-- Task inputs follows --

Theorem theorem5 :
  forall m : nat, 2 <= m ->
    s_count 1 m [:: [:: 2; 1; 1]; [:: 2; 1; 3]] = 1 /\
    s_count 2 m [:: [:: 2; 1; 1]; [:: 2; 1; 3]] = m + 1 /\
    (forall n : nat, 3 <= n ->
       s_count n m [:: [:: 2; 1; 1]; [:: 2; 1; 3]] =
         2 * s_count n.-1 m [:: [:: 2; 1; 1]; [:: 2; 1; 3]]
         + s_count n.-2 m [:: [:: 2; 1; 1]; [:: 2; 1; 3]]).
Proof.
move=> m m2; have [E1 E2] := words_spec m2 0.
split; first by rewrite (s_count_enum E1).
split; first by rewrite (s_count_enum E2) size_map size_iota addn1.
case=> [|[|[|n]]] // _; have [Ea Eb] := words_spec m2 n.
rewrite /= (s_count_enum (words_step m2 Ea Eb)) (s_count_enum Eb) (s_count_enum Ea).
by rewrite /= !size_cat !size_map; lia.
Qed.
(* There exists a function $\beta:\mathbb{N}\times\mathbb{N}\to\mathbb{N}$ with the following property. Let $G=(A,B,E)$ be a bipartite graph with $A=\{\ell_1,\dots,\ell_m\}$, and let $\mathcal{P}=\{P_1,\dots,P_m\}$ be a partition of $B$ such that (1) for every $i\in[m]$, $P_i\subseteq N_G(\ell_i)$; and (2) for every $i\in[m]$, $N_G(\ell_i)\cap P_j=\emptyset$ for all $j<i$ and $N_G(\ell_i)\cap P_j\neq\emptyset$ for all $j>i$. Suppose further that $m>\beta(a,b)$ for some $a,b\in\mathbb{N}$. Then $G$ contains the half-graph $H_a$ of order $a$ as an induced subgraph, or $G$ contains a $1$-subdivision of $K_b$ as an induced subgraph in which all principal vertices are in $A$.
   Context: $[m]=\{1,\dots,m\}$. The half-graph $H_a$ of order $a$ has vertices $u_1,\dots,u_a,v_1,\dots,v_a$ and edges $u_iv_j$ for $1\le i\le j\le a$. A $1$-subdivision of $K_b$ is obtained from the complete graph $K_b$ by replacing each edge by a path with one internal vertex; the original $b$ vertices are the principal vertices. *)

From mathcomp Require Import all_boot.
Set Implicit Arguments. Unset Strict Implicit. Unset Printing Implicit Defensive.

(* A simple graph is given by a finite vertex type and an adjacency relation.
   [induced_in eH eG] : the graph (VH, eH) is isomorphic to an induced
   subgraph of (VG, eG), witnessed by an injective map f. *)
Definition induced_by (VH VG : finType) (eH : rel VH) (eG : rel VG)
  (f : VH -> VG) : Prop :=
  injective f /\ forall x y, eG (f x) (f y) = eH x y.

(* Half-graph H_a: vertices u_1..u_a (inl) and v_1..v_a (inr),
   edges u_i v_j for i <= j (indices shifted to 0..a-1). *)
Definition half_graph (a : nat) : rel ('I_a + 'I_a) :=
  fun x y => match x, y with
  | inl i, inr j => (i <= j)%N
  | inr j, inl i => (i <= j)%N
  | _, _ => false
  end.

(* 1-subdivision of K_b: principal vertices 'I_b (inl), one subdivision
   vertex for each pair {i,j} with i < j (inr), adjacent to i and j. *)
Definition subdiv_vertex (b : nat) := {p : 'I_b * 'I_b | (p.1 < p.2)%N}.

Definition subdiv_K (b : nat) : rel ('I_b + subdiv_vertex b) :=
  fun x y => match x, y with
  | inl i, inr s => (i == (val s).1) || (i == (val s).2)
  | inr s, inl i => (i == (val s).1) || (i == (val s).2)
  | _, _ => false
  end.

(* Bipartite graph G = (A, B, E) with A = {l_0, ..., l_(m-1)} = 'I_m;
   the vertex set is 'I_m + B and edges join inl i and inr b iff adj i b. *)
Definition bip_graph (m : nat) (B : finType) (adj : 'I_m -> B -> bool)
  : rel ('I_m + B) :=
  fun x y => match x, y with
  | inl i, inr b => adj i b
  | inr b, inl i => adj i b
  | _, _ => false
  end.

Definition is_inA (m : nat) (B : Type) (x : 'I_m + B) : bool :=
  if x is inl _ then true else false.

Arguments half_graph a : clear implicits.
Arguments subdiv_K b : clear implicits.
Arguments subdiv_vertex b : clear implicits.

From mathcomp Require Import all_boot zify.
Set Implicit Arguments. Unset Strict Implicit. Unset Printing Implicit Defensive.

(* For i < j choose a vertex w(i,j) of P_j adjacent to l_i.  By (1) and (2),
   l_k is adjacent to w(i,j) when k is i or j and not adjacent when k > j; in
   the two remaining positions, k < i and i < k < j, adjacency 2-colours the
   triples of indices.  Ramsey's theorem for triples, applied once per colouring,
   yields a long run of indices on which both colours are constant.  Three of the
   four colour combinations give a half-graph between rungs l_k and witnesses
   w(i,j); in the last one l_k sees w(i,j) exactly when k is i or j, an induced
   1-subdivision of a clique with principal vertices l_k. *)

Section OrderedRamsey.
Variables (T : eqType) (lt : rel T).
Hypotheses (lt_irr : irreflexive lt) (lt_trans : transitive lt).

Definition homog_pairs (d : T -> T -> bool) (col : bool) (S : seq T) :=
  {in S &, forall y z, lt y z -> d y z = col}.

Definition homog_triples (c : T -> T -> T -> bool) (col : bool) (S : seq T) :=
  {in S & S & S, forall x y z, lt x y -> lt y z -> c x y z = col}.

-- Task inputs concluded --

> [The problem]: Give back exactly the lines above, from the line containing "Definition bip_graph (m" through the line containing "the two remaining", with both end lines and nothing more.

> [Answer box]:
Definition bip_graph (m : nat) (B : finType) (adj : 'I_m -> B -> bool)
  : rel ('I_m + B) :=
  fun x y => match x, y with
  | inl i, inr b => adj i b
  | inr b, inl i => adj i b
  | _, _ => false
  end.

Definition is_inA (m : nat) (B : Type) (x : 'I_m + B) : bool :=
  if x is inl _ then true else false.

Arguments half_graph a : clear implicits.
Arguments subdiv_K b : clear implicits.
Arguments subdiv_vertex b : clear implicits.

From mathcomp Require Import all_boot zify.
Set Implicit Arguments. Unset Strict Implicit. Unset Printing Implicit Defensive.

(* For i < j choose a vertex w(i,j) of P_j adjacent to l_i.  By (1) and (2),
   l_k is adjacent to w(i,j) when k is i or j and not adjacent when k > j; in
   the two remaining positions, k < i and i < k < j, adjacency 2-colours the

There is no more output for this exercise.